Workflow Engine monitors task states and orchestrates execution based on dependencies and outcomes:

        %%{init: {'theme':'base'}}%%
sequenceDiagram
  box Control Plane
  participant Workflow as Workflow Engine
  end

  box Compute Layer
  participant Scheduler as Scheduler
  participant Cluster as Compute Nodes
  end

  alt
    autonumber 1
    Cluster-->>Workflow: Task completed
    autonumber off
    Workflow->>Scheduler: Enqueues<br/>downstream tasks
  else
    autonumber 2
    Cluster-->>Workflow: Task failed (retryable)
    autonumber off
    Workflow->>Scheduler: Re-enqueues task
    Scheduler->>Cluster: Task is rescheduled
  else
    autonumber 3
    Cluster-->>Workflow: Task failed (non-retryable)
    autonumber off
    Workflow-xWorkflow: Blocks downstream tasks
  end

Completed tasks trigger their dependent downstream tasks
Failed retryable tasks are re-enqueued for automatic recovery
Failed non-retryable tasks block their downstream dependencies

Interacting#

Observability#

Tasks publishes logs and metrics to the API Server, enabling real-time observability.
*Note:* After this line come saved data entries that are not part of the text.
(* Let $f=\frac1n\sum_{i=1}^n f_i$ where each $f_i:\mathbb{R}^d\to\mathbb{R}$ is $L$-smooth, and assume moreover that either each $f_i$ is $\mu$-strongly convex for some $\mu>0$, or $\inf_x f(x)>-\infty$. Let the stepsize satisfy $\gamma\le\frac1{2Ln}$. Then the iterates of No Full Grad SVRG (described in the context) satisfy, for every epoch $s\ge1$, $$\Big\|\nabla f(\omega_s)-\frac1n\sum_{t=0}^{n-1}v_s^t\Big\|^2\le 8\gamma^2L^2n^2\|v_s\|^2+32\gamma^2L^2n^2\|v_{s-1}\|^2.$$
   Context: No Full Grad SVRG: input $x_0^0\in\mathbb{R}^d$, $\omega_0=x_0^0$, $\tilde v_0^0=0$, $v_0=0$, stepsize $\gamma>0$. For epochs $s=0,1,\dots$: choose a permutation $\pi_s^0,\dots,\pi_s^{n-1}$ of the $n$ component indices (by any shuffling rule); for $t=0,\dots,n-1$ set $\tilde v_s^{t+1}=\frac{t}{t+1}\tilde v_s^t+\frac1{t+1}\nabla f_{\pi_s^t}(x_s^t)$, $v_s^t=\nabla f_{\pi_s^t}(x_s^t)-\nabla f_{\pi_s^t}(\omega_s)+v_s$, $x_s^{t+1}=x_s^t-\gamma v_s^t$; then $x_{s+1}^0=x_s^n$, $\omega_{s+1}=x_s^n$, $\tilde v_{s+1}^0=0$, $v_{s+1}=\tilde v_s^n$. *)

From HB Require Import structures.
From mathcomp Require Import all_boot all_order all_algebra all_fingroup.
From mathcomp Require Import all_classical all_reals all_analysis.
Set Implicit Arguments. Unset Strict Implicit. Unset Printing Implicit Defensive.
Import Order.TTheory GRing.Theory Num.Theory.
Import numFieldNormedType.Exports.
Local Open Scope ring_scope.

Section NFGSVRG.
Variable R : realType.
Variable d : nat.

Definition dotv (u v : 'rV[R]_d) : R := \sum_(k < d) u ord0 k * v ord0 k.
Definition enorm (u : 'rV[R]_d) : R := Num.sqrt (dotv u u).

Definition is_gradient (f : 'rV[R]_d -> R) (g : 'rV[R]_d -> 'rV[R]_d) : Prop :=
  forall x, differentiable f x /\ forall h, 'd f x h = dotv (g x) h.

Definition L_smooth (L : R) (f : 'rV[R]_d -> R) (g : 'rV[R]_d -> 'rV[R]_d) : Prop :=
  is_gradient f g /\ forall x y, enorm (g x - g y) <= L * enorm (x - y).

Definition strongly_convex (mu : R) (f : 'rV[R]_d -> R) : Prop :=
  forall (x y : 'rV[R]_d) (t : R), 0 <= t <= 1 ->
    f (t *: x + (1 - t) *: y) <=
      t * f x + (1 - t) * f y - mu / 2 * t * (1 - t) * enorm (x - y) ^+ 2.

Variable n : nat.
Variable G : 'I_n -> 'rV[R]_d -> 'rV[R]_d.   (* gradients of the f_i *)
Variable gamma : R.

(* Inner loop of epoch with permutation p, anchor w (= omega_s),
   v = v_s, start point x0 = x_s^0.
   inner t = (x_s^t, tilde v_s^t), for t <= n. *)
Fixpoint inner (p : {perm 'I_n}) (w v x0 : 'rV[R]_d) (t : nat)
  : 'rV[R]_d * 'rV[R]_d :=
  match t with
  | 0 => (x0, 0)
  | t'.+1 =>
    let: (x, vt) := inner p w v x0 t' in
    if @insub nat (fun k => k < n)%N 'I_n t' is Some i then
      let j := p i in
      (x - gamma *: (G j x - G j w + v),
       (t'%:R / t'.+1%:R) *: vt + (1 / t'.+1%:R) *: G j x)
    else (x, vt)
  end.

Variable pi : nat -> {perm 'I_n}.
Variable x00 : 'rV[R]_d.

(* state s = (x_s^0, omega_s, v_s) *)
Fixpoint state (s : nat) : 'rV[R]_d * 'rV[R]_d * 'rV[R]_d :=
  match s with
  | 0 => (x00, x00, 0)
  | s'.+1 =>
    let: (x0, w, v) := state s' in
    let: (xn, vtn) := inner (pi s') w v x0 n in
    (xn, xn, vtn)
  end.

Definition x_it (s t : nat) : 'rV[R]_d :=
  let: (x0, w, v) := state s in (inner (pi s) w v x0 t).1.
Definition omega (s : nat) : 'rV[R]_d := (state s).1.2.
Definition vbar (s : nat) : 'rV[R]_d := (state s).2.

(* v_s^t for t : 'I_n *)
Definition v_dir (s : nat) (t : 'I_n) : 'rV[R]_d :=
  let j := pi s t in G j (x_it s t) - G j (omega s) + vbar s.

End NFGSVRG.

From HB Require Import structures.
From mathcomp Require Import all_boot all_order all_algebra all_fingroup.
From mathcomp Require Import all_classical all_reals all_analysis.
From mathcomp Require Import lra.
Import Order.TTheory GRing.Theory Num.Theory.
Import numFieldNormedType.Exports.
Local Open Scope ring_scope.

(* In an epoch with anchor w and direction v every step moves the
   iterate by at most gamma (L |x - w| + |v|), so all iterates of the epoch
   stay within 2 gamma n |v| of w.  The mean of the v_s^t is the mean of the
   gradients sampled along epoch s, minus grad f(w_s), plus v_s; hence the
   error is (grad f(w_s) - sampled mean) + (grad f(w_s) - v_s).  The first
   term is at most 2 gamma L n |v_s| by the drift bound.  For the second,
   v_s is the mean of the gradients sampled along epoch s-1 and w_s is the
   last iterate of that epoch, so it is at most 4 gamma L n |v_{s-1}|.
   Conclude with (a + b)^2 <= 2 a^2 + 2 b^2. *)

Section EuclideanNorm.
Context {R : realType} {d : nat}.
Implicit Types u v w : 'rV[R]_d.

Lemma dotvC u v : dotv u v = dotv v u.
Proof. by apply: eq_bigr => k _; rewrite mulrC. Qed.

Lemma dotvDl u w v : dotv (u + w) v = dotv u v + dotv w v.
Proof. by rewrite /dotv -big_split; apply: eq_bigr => k _; rewrite mxE mulrDl. Qed.

Lemma dotvZl a u v : dotv (a *: u) v = a * dotv u v.
Proof. by rewrite /dotv mulr_sumr; apply: eq_bigr => k _; rewrite mxE mulrA. Qed.

Lemma dotvNl u v : dotv (- u) v = - dotv u v.
Proof. by rewrite -scaleN1r dotvZl mulN1r. Qed.

Lemma dotvDr u w v : dotv v (u + w) = dotv v u + dotv v w.
Proof. by rewrite dotvC dotvDl !(dotvC v). Qed.

Lemma dotvZr a u v : dotv v (a *: u) = a * dotv v u.
Proof. by rewrite dotvC dotvZl dotvC. Qed.

Lemma dotvNr u v : dotv v (- u) = - dotv v u.
Proof. by rewrite dotvC dotvNl dotvC. Qed.

Lemma dotv_ge0 u : 0 <= dotv u u.
Proof. by apply: sumr_ge0 => k _; rewrite -expr2 sqr_ge0. Qed.

Lemma dotv_eq0 u v : dotv u u = 0 -> dotv u v = 0.
Proof.
move=> uu0; apply: big1 => k _.
have : u ord0 k * u ord0 k = 0.
  by apply: (psumr_eq0P _ uu0) => // i _; rewrite -expr2 sqr_ge0.
by move/eqP; rewrite mulf_eq0 orbb => /eqP ->; rewrite mul0r.
Qed.

Lemma enorm_ge0 u : 0 <= enorm u.
Proof. exact: sqrtr_ge0. Qed.

Lemma enorm_sq u : enorm u ^+ 2 = dotv u u.
Proof. by rewrite sqr_sqrtr // dotv_ge0. Qed.

Lemma dotv_le_enorm u v : dotv u v <= enorm u * enorm v.
Proof.
have [u0|u_neq0] := eqVneq (enorm u) 0.
  by rewrite dotv_eq0 ?u0 ?mul0r // -enorm_sq u0 expr0n.
have [v0|v_neq0] := eqVneq (enorm v) 0.
  by rewrite dotvC dotv_eq0 ?v0 ?mulr0 // -enorm_sq v0 expr0n.
have uv_gt0 : 0 < enorm u * enorm v.
  by rewrite mulr_gt0 // lt0r ?u_neq0 ?v_neq0 enorm_ge0.
(* |v| u - |u| v has squared norm 2 |u| |v| (|u| |v| - <u, v>). *)
have := dotv_ge0 (enorm v *: u - enorm u *: v).
rewrite !(dotvDl, dotvDr, dotvNl, dotvNr, dotvZl, dotvZr) (dotvC v u) -!enorm_sq.
by nra.
Qed.

Lemma ler_enormD u v : enorm (u + v) <= enorm u + enorm v.
Proof.
rewrite /enorm -[X in _ <= X]ger0_norm ?addr_ge0 ?enorm_ge0 //.
rewrite -sqrtr_sqr ler_sqrt ?sqr_ge0 //.
rewrite !(dotvDl, dotvDr) -!/(enorm _) sqrrD -!enorm_sq (dotvC v u).
by have := dotv_le_enorm u v; lra.
Qed.

Lemma enormZ a u : enorm (a *: u) = `|a| * enorm u.
Proof. by rewrite /enorm dotvZl dotvZr mulrA -expr2 sqrtrM ?sqr_ge0 // sqrtr_sqr. Qed.

Lemma enormN u : enorm (- u) = enorm u.
Proof. by rewrite -scaleN1r enormZ normrN normr1 mul1r. Qed.

Lemma enorm0 : enorm (0 : 'rV[R]_d) = 0.
Proof. by rewrite -(scale0r (0 : 'rV[R]_d)) enormZ normr0 mul0r. Qed.

Lemma ler_enorm_sum (I : finType) (f : I -> 'rV[R]_d) :
  enorm (\sum_i f i) <= \sum_i enorm (f i).
Proof.
apply: (big_rec2 (fun y1 y2 => enorm y1 <= y2)); first by rewrite enorm0.
by move=> i y1 y2 _ IH; apply: le_trans (ler_enormD _ _) _; rewrite lerD.
Qed.

End EuclideanNorm.

Lemma sqr_le_add_sqr {R : realFieldType} {a b c : R} :
  0 <= c -> c <= a + b -> c ^+ 2 <= 2 * a ^+ 2 + 2 * b ^+ 2.
Proof.
move=> c_ge0 c_le; have : c * c <= (a + b) * (a + b) by rewrite ler_pM.
by have := sqr_ge0 (a - b); nra.
Qed.

Section Epoch.
Context {R : realType} {d n : nat} {G : 'I_n -> 'rV[R]_d -> 'rV[R]_d} {gamma L : R}.
Hypothesis G_lip : forall i x y, enorm (G i x - G i y) <= L * enorm (x - y).
Hypothesis L_ge0 : 0 <= L.
Hypothesis gamma_ge0 : 0 <= gamma.
Hypothesis step_small : 2 * gamma * L * n%:R <= 1.
Hypothesis n_gt0 : (0 < n)%N.

Lemma mean_grad_gap_le (q : {perm 'I_n}) y (x : 'I_n -> 'rV[R]_d) c :
    (forall t, enorm (y - x t) <= c) ->
  enorm (n%:R^-1 *: (\sum_i G i y - \sum_t G (q t) (x t))) <= L * c.
Proof.
move=> x_near; have n_neq0 : n%:R != 0 :> R by rewrite pnatr_eq0 -lt0n.
rewrite (reindex_perm q) -sumrB enormZ ger0_norm ?invr_ge0 //.
have sum_le : \sum_t enorm (G (q t) y - G (q t) (x t)) <= \sum_(t < n) L * c.
  by apply: ler_sum => t _; apply: le_trans (G_lip _ _ _) _; rewrite ler_wpM2l.
rewrite sumr_const card_ord -mulr_natr mulrC in sum_le.
rewrite -[L * c](mulKf n_neq0) ler_wpM2l ?invr_ge0 //.
exact: le_trans (ler_enorm_sum _ _) sum_le.
Qed.

Variables (p : {perm 'I_n}) (w v : 'rV[R]_d).

Local Notation xt t := (inner G gamma p w v w t).1.
Local Notation vt t := (inner G gamma p w v w t).2.

Lemma innerS t (t_lt : (t < n)%N) (j := p (Ordinal t_lt)) :
  inner G gamma p w v w t.+1 =
  (xt t - gamma *: (G j (xt t) - G j w + v),
   (t%:R / t.+1%:R) *: vt t + (1 / t.+1%:R) *: G j (xt t)).
Proof. by rewrite /= /j; case: inner => x vt /=; rewrite insubT. Qed.

Lemma inner_drift_le t : (t <= n)%N -> enorm (xt t - w) <= 2 * gamma * t%:R * enorm v.
Proof.
elim: t => [|t IH] t_le; first by rewrite /= subrr enorm0 mulr0 mul0r.
rewrite innerS /=; set j := p _; set x := xt t.
have -> : x - gamma *: (G j x - G j w + v) - w =
          (x - w) + (- (gamma *: (G j x - G j w)) + - (gamma *: v)).
  by rewrite scalerDr opprD addrAC.
apply: le_trans (ler_enormD _ _) _; apply: le_trans (lerD (lexx _) (ler_enormD _ _)) _.
rewrite !enormN !enormZ ger0_norm //.
have x_near := IH (ltnW t_le).
have gLt_le1 : 2 * gamma * L * t%:R <= 1.
  by apply: le_trans step_small; rewrite ler_wpM2l ?mulr_ge0 // ler_nat ltnW.
have grad_le : gamma * enorm (G j x - G j w) <= gamma * L * (2 * gamma * t%:R * enorm v).
  by rewrite -mulrA ler_wpM2l //; apply: le_trans (G_lip _ _ _) _; rewrite ler_wpM2l.
have := ler_wpM2l (mulr_ge0 gamma_ge0 (enorm_ge0 v)) gLt_le1.
by rewrite -addn1 natrD; lra.
Qed.

Lemma inner_dist_le t : (t <= n)%N -> enorm (w - xt t) <= 2 * gamma * n%:R * enorm v.
Proof.
move=> t_le; rewrite -enormN opprB; apply: le_trans (inner_drift_le _ t_le) _.
by rewrite ler_wpM2r ?enorm_ge0 // ler_wpM2l ?mulr_ge0 // ler_nat.
Qed.

Lemma inner_running_sum t : (t <= n)%N ->
  t%:R *: vt t = \sum_(k < n | (k < t)%N) G (p k) (xt k).
Proof.
elim: t => [|t IH] t_le; first by rewrite scale0r big_pred0.
rewrite innerS /= (bigD1 (Ordinal t_le)) //=.
rewrite (eq_bigl (fun k : 'I_n => (k < t)%N)); last first.
  move=> k; rewrite ltnS leq_eqVlt -val_eqE /=.
  by case: ltngtP; rewrite ?andbT ?andbF.
rewrite -IH ?(ltnW t_le) // scalerDr !scalerA addrC; congr (_ + _).
  by rewrite mulrCA divff ?mulr1 // pnatr_eq0.
by rewrite mul1r divff ?scale1r // pnatr_eq0.
Qed.

Lemma inner_avg : vt n = n%:R^-1 *: \sum_t G (p t) (xt t).
Proof.
have := inner_running_sum _ (leqnn n).
rewrite (eq_bigl xpredT) => [<-|k]; last by rewrite ltn_ord.
by rewrite scalerA mulVf ?scale1r // pnatr_eq0 -lt0n.
Qed.

Lemma mean_dir_gap_le :
  enorm (n%:R^-1 *: \sum_i G i w - n%:R^-1 *: \sum_t (G (p t) (xt t) - G (p t) w + v))
  <= 2 * gamma * L * n%:R * enorm v + enorm (n%:R^-1 *: \sum_i G i w - v).
Proof.
set S := \sum_i G i w; set SX := \sum_t G (p t) (xt t).
have -> : \sum_t (G (p t) (xt t) - G (p t) w + v) = SX - S + n%:R *: v.
  by rewrite big_split sumrB /= /S [in RHS](reindex_perm p) sumr_const card_ord scaler_nat.
have -> : n%:R^-1 *: S - n%:R^-1 *: (SX - S + n%:R *: v) =
          n%:R^-1 *: (S - SX) + (n%:R^-1 *: S - v).
  rewrite !scalerDr scalerA mulVf ?pnatr_eq0 -?lt0n // scale1r.
  by rewrite !scalerN !opprD opprK !addrA.
apply: le_trans (ler_enormD _ _) _; rewrite lerD //.
have near_anchor (t : 'I_n) : enorm (w - xt t) <= 2 * gamma * n%:R * enorm v.
  exact: inner_dist_le _ (ltnW (ltn_ord t)).
apply: le_trans (mean_grad_gap_le p w (fun t => xt t) _ near_anchor) _.
by lra.
Qed.

Lemma end_grad_gap_le :
  enorm (n%:R^-1 *: \sum_i G i (xt n) - vt n) <= 4 * gamma * L * n%:R * enorm v.
Proof.
rewrite inner_avg -scalerBr.
have near_end (t : 'I_n) : enorm (xt n - xt t) <= 4 * gamma * n%:R * enorm v.
  have t_le := ltnW (ltn_ord t); rewrite -(subrK w (xt n)) -addrA.
  apply: le_trans (ler_enormD _ _) _.
  have := inner_dist_le _ (leqnn n); rewrite -enormN opprB.
  by have := inner_dist_le _ t_le; lra.
apply: le_trans (mean_grad_gap_le p (xt n) (fun t => xt t) _ near_end) _.
by lra.
Qed.

End Epoch.

Section States.
Context {R : realType} {d n : nat} {G : 'I_n -> 'rV[R]_d -> 'rV[R]_d} {gamma : R}
  { pi : nat -> {perm 'I_n} } {x00 : 'rV[R]_d}.

Local Notation omega := (omega G gamma pi x00).
Local Notation vbar := (vbar G gamma pi x00).
Local Notation epoch s := (inner G gamma (pi s) (omega s) (vbar s) (omega s)).

Lemma state_start_eq_anchor s :
  (state G gamma pi x00 s).1.1 = (state G gamma pi x00 s).1.2.
Proof. by case: s => [|s] //=; case: state => [[x0 w] v]; case: inner. Qed.

Lemma v_dirE s t :
  v_dir G gamma pi x00 s t = G (pi s t) (epoch s t).1 - G (pi s t) (omega s) + vbar s.
Proof.
rewrite /v_dir /x_it /omega /vbar; have := state_start_eq_anchor s.
by case: state => [[x0 w] v] /= ->.
Qed.

Lemma omegaS s : omega s.+1 = (epoch s n).1.
Proof.
rewrite /omega /vbar /=; have := state_start_eq_anchor s.
by case: state => [[x0 w] v] /= ->; case: inner.
Qed.

Lemma vbarS s : vbar s.+1 = (epoch s n).2.
Proof.
rewrite /omega /vbar /=; have := state_start_eq_anchor s.
by case: state => [[x0 w] v] /= ->; case: inner.
Qed.

End States.

Theorem lemma2 (R : realType) (d n : nat) (hn : (0 < n)%N)
  (F : 'I_n -> 'rV[R]_d -> R) (G : 'I_n -> 'rV[R]_d -> 'rV[R]_d)
  (L gamma : R) (pi : nat -> {perm 'I_n}) (x00 : 'rV[R]_d) :
  0 < L ->
  (forall i, L_smooth L (F i) (G i)) ->
  ((exists mu : R, 0 < mu /\ forall i, strongly_convex mu (F i)) \/
   (exists m : R, forall x, m <= n%:R^-1 * \sum_(i < n) F i x)) ->
  0 < gamma -> gamma <= 1 / (2 * L * n%:R) ->
  forall s : nat, (1 <= s)%N ->
    enorm (n%:R^-1 *: \sum_(i < n) G i (omega G gamma pi x00 s)
           - n%:R^-1 *: \sum_(t < n) v_dir G gamma pi x00 s t) ^+ 2
    <= 8 * gamma ^+ 2 * L ^+ 2 * n%:R ^+ 2 * enorm (vbar G gamma pi x00 s) ^+ 2
     + 32 * gamma ^+ 2 * L ^+ 2 * n%:R ^+ 2 * enorm (vbar G gamma pi x00 s.-1) ^+ 2.
Proof.
move=> L_gt0 smooth _ gamma_gt0 gamma_le [//|s] _; rewrite succnK.
have G_lip i x y : enorm (G i x - G i y) <= L * enorm (x - y) by case: (smooth i).
have step_small : 2 * gamma * L * n%:R <= 1.
  by move: gamma_le; rewrite ler_pdivlMr ?mulr_gt0 ?ltr0n // !mulrA (mulrC gamma).
have [L_ge0 gamma_ge0] := (ltW L_gt0, ltW gamma_gt0).
rewrite (eq_bigr _ (fun t _ => v_dirE s.+1 t)).
have gap_now := mean_dir_gap_le G_lip L_ge0 gamma_ge0 step_small hn
  (pi s.+1) (omega G gamma pi x00 s.+1) (vbar G gamma pi x00 s.+1).
have gap_prev := end_grad_gap_le G_lip L_ge0 gamma_ge0 step_small hn
  (pi s) (omega G gamma pi x00 s) (vbar G gamma pi x00 s).
rewrite -omegaS -vbarS in gap_prev.
have gap_le := le_trans gap_now (lerD (lexx _) gap_prev).
by apply: le_trans (sqr_le_add_sqr (enorm_ge0 _) gap_le) _; lra.
Qed.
        %%{init: {'theme':'base'}}%%
sequenceDiagram
  participant User

  box Control Plane
  participant API as API Server
  end

  box Compute Layer
  participant Cluster as Compute Nodes
  end

  Cluster->>API: Publishes logs & metrics
  API-->>User: Streams logs & metrics

Interactive Access#

User can access RUNNING tasks for real-time interactive development and debugging:

        %%{init: {'theme':'base'}}%%
sequenceDiagram
  autonumber
  participant User

  box Control Plane
  participant API as API Server
  end

  box Compute Layer
  participant Cluster as Compute Nodes
  end

  User->>API: Initiates handshake
  API->>Cluster: Establishes handshake
  User<<-->>Cluster: Bi-directional streaming

User initiates interactive access through the API Server
API Server coordinates with the Compute Nodes to establish a secured connection
User can interact with the Compute Nodes using the bi-directional streaming connection (e.g. SSH, VSCode Remote, Jupyter, etc.).

Summary#

This architecture enables OSMO to scale from a single developer workstation to massive cloud deployments while maintaining a consistent interface and workflow experience.